Simulating a corrugated metal finish by painting

One of the aspects that worried me about finishing the Boeing F4B-2 was how I was going to reproduce the corrugations on the tail surfaces and ailerons. At one point I was considering gluing thread to the surface, but decided this would be heavy, very boring to do, and could come out looking hairy. Home-made corrugated paper was another possibility, but this would have been difficult to produce, and heavy again. Eventually I decided to have a go at spraying them on.

Taking the tail components, as an example, these were first airbrushed with a light coat of matt white enamel, thinned with cellulose thinners. When dry, the outlines (which are free of corrugations) were masked with thin strips of paper masking tape.

The parts were taped down to a board around the edges, so the paint could only reach the centre areas of the tail units.

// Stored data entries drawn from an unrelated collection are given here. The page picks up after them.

Lemma antisym_mxE (R : pzRingType) n (a : 'M[R]_n) i j :
  a^T = - a -> a i j = - a j i.
Proof. by move/matrixP/(_ j i); rewrite !mxE. Qed.

Section CliffordCombination.
Variables (R : comPzRingType) (n m : nat).
Implicit Types (u v : 'I_n -> R) (h k : 'I_n -> 'M[R]_m).

Definition combmx v h : 'M[R]_m := \sum_i v i *: h i.

Definition dotv u v : R := \sum_i u i * v i.

Definition clifford_pair h k :=
  forall i j, h i *m k j + h j *m k i = ((i == j)%:R *+ 2)%:M.

Lemma sum_mul_delta v i : \sum_j v j * (i == j)%:R = v i.
Proof.
under eq_bigr do rewrite mulr_natr mulrb eq_sym.
by rewrite -big_mkcond big_pred1_eq.
Qed.

Lemma mulmx_combmx p (A : 'M[R]_(p, m)) v h :
  A *m combmx v h = \sum_i v i *: (A *m h i).
Proof. by rewrite mulmx_sumr; apply: eq_bigr => i _; rewrite scalemxAr. Qed.

Lemma trmx_combmx v h : (combmx v h)^T = combmx v (fun i => (h i)^T).
Proof. by rewrite /combmx linear_sum; apply: eq_bigr => i _; rewrite linearZ. Qed.

Lemma clifford_mul_combmx h k i v : clifford_pair h k ->
  h i *m combmx v k + combmx v h *m k i = (v i *+ 2)%:M.
Proof.
move=> hk; rewrite mulmx_combmx mulmx_suml -big_split /=.
under eq_bigr do rewrite -scalemxAl -scalerDr hk scale_scalar_mx mulrnAr.
by rewrite -raddf_sum /= sumrMnl sum_mul_delta.
Qed.

Lemma clifford_combmx h k u v : clifford_pair h k ->
  combmx u h *m combmx v k + combmx v h *m combmx u k = (dotv u v *+ 2)%:M.
Proof.
move=> hk; rewrite [X in _ + X]mulmx_combmx mulmx_suml -big_split /=.
under eq_bigr do rewrite -scalemxAl -scalerDr clifford_mul_combmx //.
under eq_bigr do rewrite scale_scalar_mx mulrnAr.
by rewrite -raddf_sum /= sumrMnl.
Qed.

End CliffordCombination.

Section SupersymmetricElement.
Variables (C : numClosedFieldType) (g : 'I_16 -> 'M[C]_128).
Hypothesis g_gt : clifford_pair g (fun I => (g I)^T).
Hypothesis gt_g : clifford_pair (fun I => (g I)^T) g.
Variables (P : 'rV[C]_128) (x : 'I_16 -> C).
Hypothesis PG0 : P *m combmx x g = 0.

Local Notation G := (combmx x g).

Lemma two_neq0 : (2 : C) != 0.
Proof. by rewrite pnatr_eq0. Qed.

Lemma double_mx_eq0 p q (M : 'M[C]_(p, q)) : M + M = 0 -> M = 0.
Proof.
move=> MM0; apply/eqP; have := scaler_eq0 2 M.
by rewrite (negbTE two_neq0) scaler_nat mulr2n MM0 eqxx.
Qed.

Lemma half_double (z : C) : 2^-1 * (z *+ 2) = z.
Proof. by rewrite -[z *+ 2]mulr_natr mulrCA mulVf ?two_neq0 ?mulr1. Qed.

Lemma mul_g_Gt I : g I *m G^T + G *m (g I)^T = (x I *+ 2)%:M.
Proof. by rewrite trmx_combmx; apply: clifford_mul_combmx. Qed.

Lemma mul_gt_G I : (g I)^T *m G + G^T *m g I = (x I *+ 2)%:M.
Proof. by rewrite trmx_combmx; apply: clifford_mul_combmx. Qed.

Lemma mul_kerG_g_Gt (y : 'rV[C]_128) I :
  y *m G = 0 -> y *m g I *m G^T = (x I *+ 2) *: y.
Proof.
move=> yG0; have := congr1 (mulmx y) (mul_g_Gt I).
by rewrite mulmxDr !mulmxA yG0 mul0mx addr0 mul_mx_scalar.
Qed.

Lemma P_sum_GammaIJ I : P *m (\sum_J x J *: GammaIJ g I J) = x I *: P.
Proof.
have -> : \sum_J x J *: GammaIJ g I J = 2^-1 *: (g I *m G^T - G *m (g I)^T).
  rewrite trmx_combmx mulmx_combmx mulmx_suml -sumrB scaler_sumr.
  apply: eq_bigr => J _; rewrite /GammaIJ scalerA mulrC -scalerA.
  by rewrite -scalemxAl -scalerBr.
rewrite -scalemxAr mulmxBr !mulmxA mul_kerG_g_Gt // PG0 mul0mx subr0 scalerA.
by rewrite half_double.
Qed.

Lemma P_g_gt_G I J : P *m g I *m (g J)^T *m G
  = (x J *+ 2) *: (P *m g I) - (x I *+ 2) *: (P *m g J).
Proof.
rewrite -mulmxA.
have -> : (g J)^T *m G = (x J *+ 2)%:M - G^T *m g J by rewrite -(mul_gt_G J) addrK.
by rewrite mulmxBr mul_mx_scalar !mulmxA mul_kerG_g_Gt // -scalemxAl.
Qed.

Lemma sum_xline_P_g c : \sum_I (c * x I) *: (P *m g I) = 0.
Proof.
rewrite -mulmx_combmx.
have -> : combmx (fun I => c * x I) g = c *: G.
  by rewrite scaler_sumr; apply: eq_bigr => I _; rewrite scalerA.
by rewrite -scalemxAr PG0 scaler0.
Qed.

Definition adP_so (y : 'rV[C]_128) : 'M[C]_16 :=
  \matrix_(I, J) (2^-1 * (P *m GammaIJ g I J *m y^T) 0 0).

Definition adP_p (a : 'M[C]_16) : 'rV[C]_128 :=
  2^-1 *: \sum_(I < 16) \sum_(J < 16) a I J *: (P *m GammaIJ g I J).

Lemma adPE z : adP g P z = (adP_so z.2, adP_p z.1).
Proof. by []. Qed.

Lemma adP_soE y I J : adP_so y I J = 2^-1 * (P *m GammaIJ g I J *m y^T) 0 0.
Proof. by rewrite mxE. Qed.

Lemma adP_so0 : adP_so 0 = 0.
Proof. by apply/matrixP => I J; rewrite adP_soE trmx0 mulmx0 !mxE mulr0. Qed.

Lemma GammaIJC I J : GammaIJ g J I = - GammaIJ g I J.
Proof. by rewrite /GammaIJ -scalerN opprB. Qed.

Lemma adP_so_antisym y : (adP_so y)^T = - adP_so y.
Proof.
apply/matrixP => I J; rewrite [LHS]mxE [RHS]mxE !adP_soE GammaIJC.
by rewrite mulmxN mulNmx [in LHS]mxE mulrN.
Qed.

Definition preserves_xline (a : 'M[C]_16) :=
  exists l, forall I, \sum_J a I J * x J = l * x I.

Lemma adP_so_preserves_xline y : preserves_xline (adP_so y).
Proof.
exists (2^-1 * (P *m y^T) 0 0) => I.
have := congr1 (fun M : 'rV[C]_128 => (M *m y^T) 0 0) (P_sum_GammaIJ I).
rewrite /= mulmx_sumr mulmx_suml summxE -scalemxAl mxE => sumE.
rewrite -mulrA [_ * x I]mulrC -sumE mulr_sumr.
by apply: eq_bigr => J _; rewrite adP_soE -(scalemxAr (x J)) -(scalemxAl (x J))
   [X in _ = _ * X]mxE mulrAC mulrA.
Qed.

Lemma adP_p_antisym a : a^T = - a ->
  adP_p a = 2^-1 *: \sum_I \sum_J a I J *: (P *m g I *m (g J)^T).
Proof.
move=> a_anti; pose S := \sum_I \sum_J (a I J * 2^-1) *: (P *m g I *m (g J)^T).
rewrite /adP_p /GammaIJ.
under eq_bigr do under eq_bigr do rewrite -scalemxAr mulmxBr !mulmxA scalerA scalerBr.
under eq_bigr do rewrite sumrB.
rewrite sumrB [X in _ - X]exchange_big /=.
have -> : \sum_J \sum_I (a I J * 2^-1) *: (P *m g J *m (g I)^T) = - S.
  rewrite -sumrN; apply: eq_bigr => J _; rewrite -sumrN.
  by apply: eq_bigr => I _; rewrite (antisym_mxE _ _ a_anti) mulNr scaleNr.
rewrite opprK -mulr2n /S; congr (_ *: _).
rewrite -sumrMnl; apply: eq_bigr => I _; rewrite -sumrMnl; apply: eq_bigr => J _.
by rewrite scalerMnl mulrC -mulrnAr half_double.
Qed.

Lemma sum_mulmx_g_gt (u v : 'I_16 -> C) :
  \sum_I \sum_J (u I * v J) *: (P *m g I *m (g J)^T)
  = P *m combmx u g *m (combmx v g)^T.
Proof.
rewrite trmx_combmx !mulmx_combmx exchange_big; apply: eq_bigr => J _ /=.
rewrite mulmx_suml scaler_sumr; apply: eq_bigr => I _.
by rewrite -scalemxAl scalerA mulrC.
Qed.

Lemma adP_p_kerG a : a^T = - a -> preserves_xline a -> adP_p a *m G = 0.
Proof.
move=> a_anti [l al].
have rowE I : \sum_J a I J * (x J *+ 2) = l *+ 2 * x I.
  by under eq_bigr do rewrite mulrnAr; rewrite sumrMnl al mulrnAl.
have colE J : \sum_I a I J * (x I *+ 2) = - (l *+ 2) * x J.
  rewrite mulNr -rowE -sumrN; apply: eq_bigr => I _.
  by rewrite (antisym_mxE _ _ a_anti) mulNr.
rewrite adP_p_antisym // -scalemxAl mulmx_suml.
under eq_bigr do rewrite mulmx_suml.
under eq_bigr do under eq_bigr do rewrite -scalemxAl P_g_gt_G scalerBr !scalerA.
under eq_bigr do rewrite sumrB.
rewrite sumrB [X in _ - X]exchange_big /=.
under eq_bigr do rewrite -scaler_suml rowE.
under [X in _ - X]eq_bigr do rewrite -scaler_suml colE.
by rewrite !sum_xline_P_g subr0 scaler0.
Qed.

A mask was cut from a piece of thin card, consisting of lots of thin slits, 1 mm wide, spaced 1 mm apart. (I doubt very much whether this is scale corrugation spacing, but seemed to create the right effect!) You will need a sharp knife and a steel rule for this. The slits should be long enough to cover the largest part you want to paint. There is no point in making the slits too long, as they become more prone to waviness the longer they are.

The mask was positioned over the part to be sprayed using a piece of tape along one edge only. This allows you to lift it up during spraying to see how things are looking. If a bit more contrast is needed, drop the mask back down, and spray a bit more.

With the white base colour, I found you needed only a very light shade of grey to get a nice effect. The card mask does not have to fit tightly down on the surface - a bit of overspray actually makes it look better. Also, mist the paint on really gently, and build up gradually until you are happy with the contrast.

Each component was painted in turn, allowed to dry, then turned over on the board, and the reverse side sprayed the same way. The full effect is only obvious once the masking around the outline of the parts is removed - the contrast between the smooth and "corrugated" sections was most pleasing. The photo below is a bit washed out - the stripes are rather more obvious on the real parts.

Afterwards, the same mask was used for the ailerons (using dark yellow) , then put away in a safe place for possible future use.